## WORK ORDER:
Beginning with the first line of the data below, extract each line up to and including the one containing "Bind Scope pexpr_scope with pexpr.". Copy them exactly and add nothing.

## DATA RECORDS:
(* Let $n, m, k, l, s, t, i$ be positive integers with $\min\{m,n\}\geq (t+1)(k-t+1)$, $k\geq l> t\geq 3$, $i+2\leq s \leq i+k-t$ and $t+2 \leq i\leq k$. Then \[\frac{(m-l+t-i)(n-s-k+i)\,S(n,s,i,k)\,S(m,s,s+t-i,l)}{(m-s+1)(n-s+1)\,T(n,s,i,k)\,T(m,s,s+t-i,l)}>1,\] where for positive integers $n,s,i,j$, \[S(n,s,i,j)=s(n-s+1)-i(j-i),\qquad T(n,s,i,j)=i(n-j-s+i+1)+(s-i)(j-i+1).\] *)

From mathcomp Require Import all_boot all_order all_algebra.
Set Implicit Arguments. Unset Strict Implicit. Unset Printing Implicit Defensive.
Import Order.TTheory GRing.Theory Num.Theory.
Local Open Scope ring_scope.

Definition Sf (n s i j : nat) : rat :=
  s%:Q * (n%:Q - s%:Q + 1) - i%:Q * (j%:Q - i%:Q).

Definition Tf (n s i j : nat) : rat :=
  i%:Q * (n%:Q - j%:Q - s%:Q + i%:Q + 1) + (s%:Q - i%:Q) * (j%:Q - i%:Q + 1).

(* Write every variable as its lower bound plus a nonnegative offset:
   t = a + 3, i = t + 2 + b + e1, s = i + 2 + e1 + e2, k = i + c + e2,
   l = k - r and n, m = (t + 1)(k - t + 1) + f, g.  The denominator factors are
   then positive, and numerator minus denominator becomes an integer polynomial
   of degree 10 in the eight offsets whose coefficients are all nonnegative,
   with constant term 7236.  The expansion is done by a verified normaliser for
   polynomial expressions, run with [vm_compute]. *)

From Stdlib Require Import ZArith.
From mathcomp Require Import all_boot all_order all_algebra.
From mathcomp Require Import ssrZ zify ring lra.
Set Implicit Arguments. Unset Strict Implicit. Unset Printing Implicit Defensive.
Import Order.TTheory GRing.Theory Num.Theory.
Local Open Scope ring_scope.

Inductive pexpr : Type :=
  | PVar of nat
  | PConst of nat
  | PAdd of pexpr & pexpr
  | PSub of pexpr & pexpr
  | PMul of pexpr & pexpr.

Declare Scope pexpr_scope.
Delimit Scope pexpr_scope with P.
Bind Scope pexpr_scope with pexpr.
Notation "a + b" := (PAdd a b) : pexpr_scope.
Notation "a - b" := (PSub a b) : pexpr_scope.
Notation "a * b" := (PMul a b) : pexpr_scope.

Definition pexpr_of_uint (u : Number.uint) : pexpr := PConst (Nat.of_num_uint u).
Definition uint_of_pexpr (e : pexpr) : option Number.uint :=
  if e is PConst c then Some (Nat.to_num_uint c) else None.
Number Notation pexpr pexpr_of_uint uint_of_pexpr : pexpr_scope.

Fixpoint psubst (sigma : seq pexpr) (e : pexpr) : pexpr :=
  match e with
  | PVar j => nth 0%P sigma j
  | PConst c => PConst c
  | PAdd a b => psubst sigma a + psubst sigma b
  | PSub a b => psubst sigma a - psubst sigma b
  | PMul a b => psubst sigma a * psubst sigma b
  end.

(* A monomial is its list of exponents.  Sums are kept sorted by [mlt] so that
   [padd] merges like terms; soundness does not depend on the order. *)
Definition spoly := seq (seq nat * Z).

Fixpoint madd (m1 m2 : seq nat) : seq nat :=
  match m1, m2 with
  | e1 :: m1', e2 :: m2' => (e1 + e2)%N :: madd m1' m2'
  | [::], _ => m2
  | _, [::] => m1
  end.

Fixpoint mlt (m1 m2 : seq nat) : bool :=
  match m1, m2 with
  | e1 :: m1', e2 :: m2' => (e1 < e2)%N || (e1 == e2) && mlt m1' m2'
  | [::], _ :: _ => true
  | _, _ => false
  end.

Fixpoint padd (p q : spoly) {struct p} : spoly :=
  match p with
  | [::] => q
  | (m1, c1) :: p' =>
    let fix padd_p (q : spoly) : spoly :=
      match q with
      | [::] => p
      | (m2, c2) :: q' =>
        if m1 == m2 then (m1, c1 + c2) :: padd p' q'
        else if mlt m1 m2 then (m1, c1) :: padd p' q
        else (m2, c2) :: padd_p q'
      end in
    padd_p q
  end.

Definition pscale (m : seq nat) (c : Z) (q : spoly) : spoly :=
  [seq (madd m mc.1, c * mc.2) | mc <- q].

Definition popp (q : spoly) : spoly := [seq (mc.1, - mc.2) | mc <- q].

Definition pmul (p q : spoly) : spoly :=
  foldr (fun mc acc => padd (pscale mc.1 mc.2 q) acc) [::] p.

Fixpoint pexpr_norm (e : pexpr) : spoly :=
  match e with
  | PVar j => [:: (rcons (nseq j 0%N) 1%N, 1)]
  | PConst c => [:: ([::], Z.of_nat c)]
  | PAdd a b => padd (pexpr_norm a) (pexpr_norm b)
  | PSub a b => padd (pexpr_norm a) (popp (pexpr_norm b))
  | PMul a b => pmul (pexpr_norm a) (pexpr_norm b)
  end.

Definition nonneg_coeffs (p : spoly) : bool := all (fun mc => 0 <= mc.2) p.

Section Evaluation.

Variable R : numDomainType.
Implicit Types (env : seq R) (e : pexpr) (p q : spoly).

Fixpoint peval env e : R :=
  match e with
  | PVar j => env`_j
  | PConst c => c%:R
  | PAdd a b => peval env a + peval env b
  | PSub a b => peval env a - peval env b
  | PMul a b => peval env a * peval env b
  end.

Lemma peval_psubst env sigma e :
  peval env (psubst sigma e) = peval [seq peval env x | x <- sigma] e.
Proof.
elim: e => [j|c|a IHa b IHb|a IHa b IHb|a IHa b IHb] /=; rewrite ?IHa ?IHb //.
have [lt_j|le_j] := ltnP j (size sigma); first by rewrite (nth_map 0%P).
by rewrite !nth_default ?size_map.
Qed.

Definition zintr (c : Z) : R := (int_of_Z c)%:~R.

Lemma zintrD c1 c2 : zintr (c1 + c2) = zintr c1 + zintr c2.
Proof. by rewrite /zintr raddfD intrD. Qed.

Lemma zintrM c1 c2 : zintr (c1 * c2) = zintr c1 * zintr c2.
Proof. by rewrite /zintr rmorphM intrM. Qed.

Lemma zintrN c : zintr (- c) = - zintr c.
Proof. by rewrite /zintr raddfN mulrNz. Qed.

Lemma zintr_nat c : zintr (Z.of_nat c) = c%:R.
Proof. by rewrite /zintr -[Z.of_nat c]/(Z_of_int c) Z_of_intK. Qed.

Lemma zintr_ge0 c : 0 <= c -> 0 <= zintr c.
Proof. by case: c => // p _; rewrite /zintr ler0z. Qed.

Fixpoint meval env (m : seq nat) : R :=
  if m is e :: m' then env`_0 ^+ e * meval (behead env) m' else 1.

Lemma meval_madd env m1 m2 : meval env (madd m1 m2) = meval env m1 * meval env m2.
Proof.
elim: m1 env m2 => [|e1 m1 IH] env [|e2 m2] /=; rewrite ?mul1r ?mulr1 //.
by rewrite IH exprD mulrACA.
Qed.

Lemma meval_var env j : meval env (rcons (nseq j 0%N) 1%N) = env`_j.
Proof.
elim: j env => [|j IH] env /=; first by rewrite expr1 mulr1.
by rewrite expr0 mul1r IH nth_behead.
Qed.

Lemma meval_ge0 env m : all (fun x => 0 <= x) env -> 0 <= meval env m.
Proof.
elim: m env => [|e m IH] env henv /=; first exact: ler01.
have [hx hb] : 0 <= env`_0 /\ all (fun x => 0 <= x) (behead env).
  by case: env henv => [|x env] //= /andP[].
by rewrite mulr_ge0 ?exprn_ge0 ?IH.
Qed.

Definition speval env p : R := \sum_(mc <- p) zintr mc.2 * meval env mc.1.

Lemma speval_padd env p q : speval env (padd p q) = speval env p + speval env q.
Proof.
rewrite /speval; elim: p q => [|[m1 c1] p IHp] q; first by rewrite big_nil add0r.
elim: q => [|[m2 c2] q IHq] /=; first by rewrite big_nil addr0.
case: eqP => [<-|_]; last case: ifP => _; rewrite !big_cons /=.
- by rewrite IHp zintrD mulrDl addrACA.
- by rewrite IHp big_cons addrA.
- by rewrite IHq big_cons addrCA.
Qed.

Lemma speval_pscale env m c q :
  speval env (pscale m c q) = zintr c * meval env m * speval env q.
Proof.
rewrite /speval big_map mulr_sumr; apply: eq_bigr => mc _.
by rewrite zintrM meval_madd mulrACA.
Qed.

Lemma speval_popp env q : speval env (popp q) = - speval env q.
Proof.
by rewrite /speval big_map -sumrN; apply: eq_bigr => mc _; rewrite zintrN mulNr.
Qed.

Lemma speval_pmul env p q : speval env (pmul p q) = speval env p * speval env q.
Proof.
elim: p => [|[m c] p IHp] /=; first by rewrite /speval big_nil mul0r.
by rewrite speval_padd speval_pscale IHp /speval big_cons mulrDl.
Qed.

Lemma speval_norm env e : speval env (pexpr_norm e) = peval env e.
Proof.
elim: e => [j|c|a IHa b IHb|a IHa b IHb|a IHa b IHb] /=.
- by rewrite /speval big_seq1 meval_var mul1r.
- by rewrite /speval big_seq1 zintr_nat mulr1.
- by rewrite speval_padd IHa IHb.
- by rewrite speval_padd speval_popp IHa IHb.
- by rewrite speval_pmul IHa IHb.
Qed.

Lemma speval_ge0 env p :
  all (fun x => 0 <= x) env -> nonneg_coeffs p -> 0 <= speval env p.
Proof.
move=> henv /allP hp; rewrite /speval big_seq; apply: sumr_ge0 => mc /hp hc.
by rewrite mulr_ge0 ?zintr_ge0 ?meval_ge0.
Qed.

Lemma peval_psubst_ge0 sigma e env :
  nonneg_coeffs (pexpr_norm (psubst sigma e)) -> all (fun x => 0 <= x) env ->
  0 <= peval [seq peval env x | x <- sigma] e.
Proof. by move=> he henv; rewrite -peval_psubst -speval_norm speval_ge0. Qed.

End Evaluation.

Definition admissible (n m k l s t i : nat) : bool :=
  [&& 3 <= t, t + 2 <= i, i <= k, i + 2 <= s, s <= i + k - t,
      t < l, l <= k & (t + 1) * (k - t + 1) <= minn m n]%N.

(* [e1] is shared by [i] and [s] so that both upper bounds on [k],
   [i <= k] and [s - i + t <= k], hold by construction. *)
Definition admissible_param : seq pexpr :=
  (let a := PVar 0 in let b := PVar 1 in let e1 := PVar 2 in let e2 := PVar 3 in
   let c := PVar 4 in let r := PVar 5 in let f := PVar 6 in let g := PVar 7 in
   let t := a + 3 in let i := t + 2 + b + e1 in let s := i + 2 + e1 + e2 in
   let k := i + c + e2 in let M := (t + 1) * (k - t + 1) in
   [:: M + f; M + g; k; k - r; s; t; i])%P.

Lemma admissible_paramP n m k l s t i : admissible n m k l s t i ->
  exists env : seq nat, [:: n%:Q; m%:Q; k%:Q; l%:Q; s%:Q; t%:Q; i%:Q] =
    [seq peval [seq x%:Q | x : nat <- env] x | x <- admissible_param].
Proof.
case/and5P => t3 ti ik si /and4P[si' tl lk]; rewrite leq_min => /andP[hm hn].
have [a def_t] : exists a, t = (a + 3)%N by exists (t - 3)%N; lia.
have [b [e1 [e2 [c [def_i def_s def_k]]]]] : exists b e1 e2 c,
    [/\ i = (t + 2 + b + e1)%N, s = (i + 2 + e1 + e2)%N & k = (i + c + e2)%N].
  pose e1 := minn (s - i - 2) (i - t - 2).
  exists (i - t - 2 - e1)%N, e1, (s - i - 2 - e1)%N, (k - i - (s - i - 2 - e1))%N.
  split; lia.
have [r def_l] : exists r, k = (l + r)%N by exists (k - l)%N; lia.
have hkt : (k - t = b + e1 + c + e2 + 2)%N by lia.
have [f def_n] : exists f, n = ((t + 1) * (b + e1 + c + e2 + 2 + 1) + f)%N.
  by exists (n - (t + 1) * (k - t + 1))%N; rewrite -hkt subnKC.
have [g def_m] : exists g, m = ((t + 1) * (b + e1 + c + e2 + 2 + 1) + g)%N.
  by exists (m - (t + 1) * (k - t + 1))%N; rewrite -hkt subnKC.
exists [:: a; b; e1; e2; c; r; f; g].
have -> : l%:Q = k%:Q - r%:Q by rewrite def_l PoszD intrD addrK.
rewrite def_n def_m def_k def_s def_i def_t /=.
congr [:: _; _; _; _; _; _; _]; ring.
Qed.

Lemma admissible_ge0 n m k l s t i e : admissible n m k l s t i ->
  nonneg_coeffs (pexpr_norm (psubst admissible_param e)) ->
  0 <= peval [:: n%:Q; m%:Q; k%:Q; l%:Q; s%:Q; t%:Q; i%:Q] e.
Proof.
case/admissible_paramP => env -> he; apply: peval_psubst_ge0 he _.
by apply/allP => _ /mapP[x _ ->]; rewrite ler0z.
Qed.

Lemma admissible_gt0 n m k l s t i e : admissible n m k l s t i ->
  nonneg_coeffs (pexpr_norm (psubst admissible_param (e - 1))) ->
  0 < peval [:: n%:Q; m%:Q; k%:Q; l%:Q; s%:Q; t%:Q; i%:Q] e.
Proof.
by move=> hA /(admissible_ge0 hA) /=; rewrite subr_ge0; apply: lt_le_trans.
Qed.

Local Notation vn := (PVar 0).
Local Notation vm := (PVar 1).
Local Notation vk := (PVar 2).
Local Notation vl := (PVar 3).
Local Notation vs := (PVar 4).
Local Notation vt := (PVar 5).
Local Notation vi := (PVar 6).

Definition Sp (n s i j : pexpr) : pexpr := (s * (n - s + 1) - i * (j - i))%P.
Definition Tp (n s i j : pexpr) : pexpr :=
  (i * (n - j - s + i + 1) + (s - i) * (j - i + 1))%P.

Lemma admissible_jE n m k l s t i : admissible n m k l s t i ->
  (s + t - i)%N%:Q = s%:Q + t%:Q - i%:Q.
Proof.
case/and5P => _ _ _ si _; rewrite -subzn ?intrB ?PoszD ?intrD //; lia.
Qed.

Lemma denominator_linear_gt0 n m k l s t i : admissible n m k l s t i ->
  0 < n%:Q - s%:Q + 1 /\ 0 < m%:Q - s%:Q + 1.
Proof.
move=> hA; split.
- by move/(admissible_gt0 (e := vn - vs + 1)): hA; apply; vm_compute.
- by move/(admissible_gt0 (e := vm - vs + 1)): hA; apply; vm_compute.
Qed.

Lemma Tf_first_gt0 n m k l s t i : admissible n m k l s t i -> 0 < Tf n s i k.
Proof. by move/(admissible_gt0 (e := Tp vn vs vi vk)); apply; vm_compute. Qed.

Lemma Tf_second_gt0 n m k l s t i : admissible n m k l s t i ->
  0 < Tf m s (s + t - i) l.
Proof.
move=> hA; case/and5P: (hA) => _ ti _ _ /and4P[_ tl _ _].
have hcorr : 0 <= (i%:Q - t%:Q - 2) * (l%:Q - t%:Q - 1).
  have ti' : (t + 2)%:Q <= i%:Q by rewrite ler_int lez_nat.
  have tl' : (t + 1)%:Q <= l%:Q by rewrite ler_int lez_nat; lia.
  rewrite PoszD intrD in ti' tl'.
  by apply: mulr_ge0; lra.
(* After the substitution [Tf m s j l] has the single negative term [- b * r];
   subtracting [(i - t - 2) * (l - t - 1)], which is [>= 0], removes it. *)
have := admissible_gt0
  (e := (Tp vm vs (vs + vt - vi) vl - (vi - vt - 2) * (vl - vt - 1))%P) hA.
by rewrite /Tf (admissible_jE hA) /= => hT; lra.
Qed.

Definition gap_expr : pexpr :=
  (let j := vs + vt - vi in
   (vm - vl + vt - vi) * (vn - vs - vk + vi) * Sp vn vs vi vk * Sp vm vs j vl
   - (vm - vs + 1) * (vn - vs + 1) * Tp vn vs vi vk * Tp vm vs j vl)%P.

Lemma gap_gt0 n m k l s t i : admissible n m k l s t i ->
  0 < (m%:Q - l%:Q + t%:Q - i%:Q) * (n%:Q - s%:Q - k%:Q + i%:Q)
        * Sf n s i k * Sf m s (s + t - i) l
      - (m%:Q - s%:Q + 1) * (n%:Q - s%:Q + 1)
        * Tf n s i k * Tf m s (s + t - i) l.
Proof.
move=> hA; rewrite [Sf m _ _ _]/Sf [Tf m _ _ _]/Tf (admissible_jE hA).
by move/(admissible_gt0 (e := gap_expr)): hA; apply; vm_compute.
Qed.

Theorem lemma3p1 (n m k l s t i : nat) :
  (0 < n)%N -> (0 < m)%N -> (0 < k)%N -> (0 < l)%N -> (0 < s)%N ->
  (0 < t)%N -> (0 < i)%N ->
  ((t + 1) * (k - t + 1) <= minn m n)%N ->
  (l <= k)%N -> (t < l)%N -> (3 <= t)%N ->
  (i + 2 <= s)%N -> (s <= i + k - t)%N ->
  (t + 2 <= i)%N -> (i <= k)%N ->
  1 < ((m%:Q - l%:Q + t%:Q - i%:Q) * (n%:Q - s%:Q - k%:Q + i%:Q)
         * Sf n s i k * Sf m s (s + t - i) l)
      / ((m%:Q - s%:Q + 1) * (n%:Q - s%:Q + 1)
         * Tf n s i k * Tf m s (s + t - i) l).
Proof.
move=> _ _ _ _ _ _ _ hM lk tl t3 is2 sk ti ik.
have hA : admissible n m k l s t i by rewrite /admissible t3 ti ik is2 sk tl lk hM.
have [hn hm] := denominator_linear_gt0 hA.
rewrite ltr_pdivlMr; last by rewrite !mulr_gt0 ?(Tf_first_gt0 hA) ?(Tf_second_gt0 hA).
by rewrite mul1r -subr_gt0; apply: gap_gt0.
Qed.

## RESULT FOR THIS TASK:
(* Let $n, m, k, l, s, t, i$ be positive integers with $\min\{m,n\}\geq (t+1)(k-t+1)$, $k\geq l> t\geq 3$, $i+2\leq s \leq i+k-t$ and $t+2 \leq i\leq k$. Then \[\frac{(m-l+t-i)(n-s-k+i)\,S(n,s,i,k)\,S(m,s,s+t-i,l)}{(m-s+1)(n-s+1)\,T(n,s,i,k)\,T(m,s,s+t-i,l)}>1,\] where for positive integers $n,s,i,j$, \[S(n,s,i,j)=s(n-s+1)-i(j-i),\qquad T(n,s,i,j)=i(n-j-s+i+1)+(s-i)(j-i+1).\] *)

From mathcomp Require Import all_boot all_order all_algebra.
Set Implicit Arguments. Unset Strict Implicit. Unset Printing Implicit Defensive.
Import Order.TTheory GRing.Theory Num.Theory.
Local Open Scope ring_scope.

Definition Sf (n s i j : nat) : rat :=
  s%:Q * (n%:Q - s%:Q + 1) - i%:Q * (j%:Q - i%:Q).

Definition Tf (n s i j : nat) : rat :=
  i%:Q * (n%:Q - j%:Q - s%:Q + i%:Q + 1) + (s%:Q - i%:Q) * (j%:Q - i%:Q + 1).

(* Write every variable as its lower bound plus a nonnegative offset:
   t = a + 3, i = t + 2 + b + e1, s = i + 2 + e1 + e2, k = i + c + e2,
   l = k - r and n, m = (t + 1)(k - t + 1) + f, g.  The denominator factors are
   then positive, and numerator minus denominator becomes an integer polynomial
   of degree 10 in the eight offsets whose coefficients are all nonnegative,
   with constant term 7236.  The expansion is done by a verified normaliser for
   polynomial expressions, run with [vm_compute]. *)

From Stdlib Require Import ZArith.
From mathcomp Require Import all_boot all_order all_algebra.
From mathcomp Require Import ssrZ zify ring lra.
Set Implicit Arguments. Unset Strict Implicit. Unset Printing Implicit Defensive.
Import Order.TTheory GRing.Theory Num.Theory.
Local Open Scope ring_scope.

Inductive pexpr : Type :=
  | PVar of nat
  | PConst of nat
  | PAdd of pexpr & pexpr
  | PSub of pexpr & pexpr
  | PMul of pexpr & pexpr.

Declare Scope pexpr_scope.
Delimit Scope pexpr_scope with P.
Bind Scope pexpr_scope with pexpr.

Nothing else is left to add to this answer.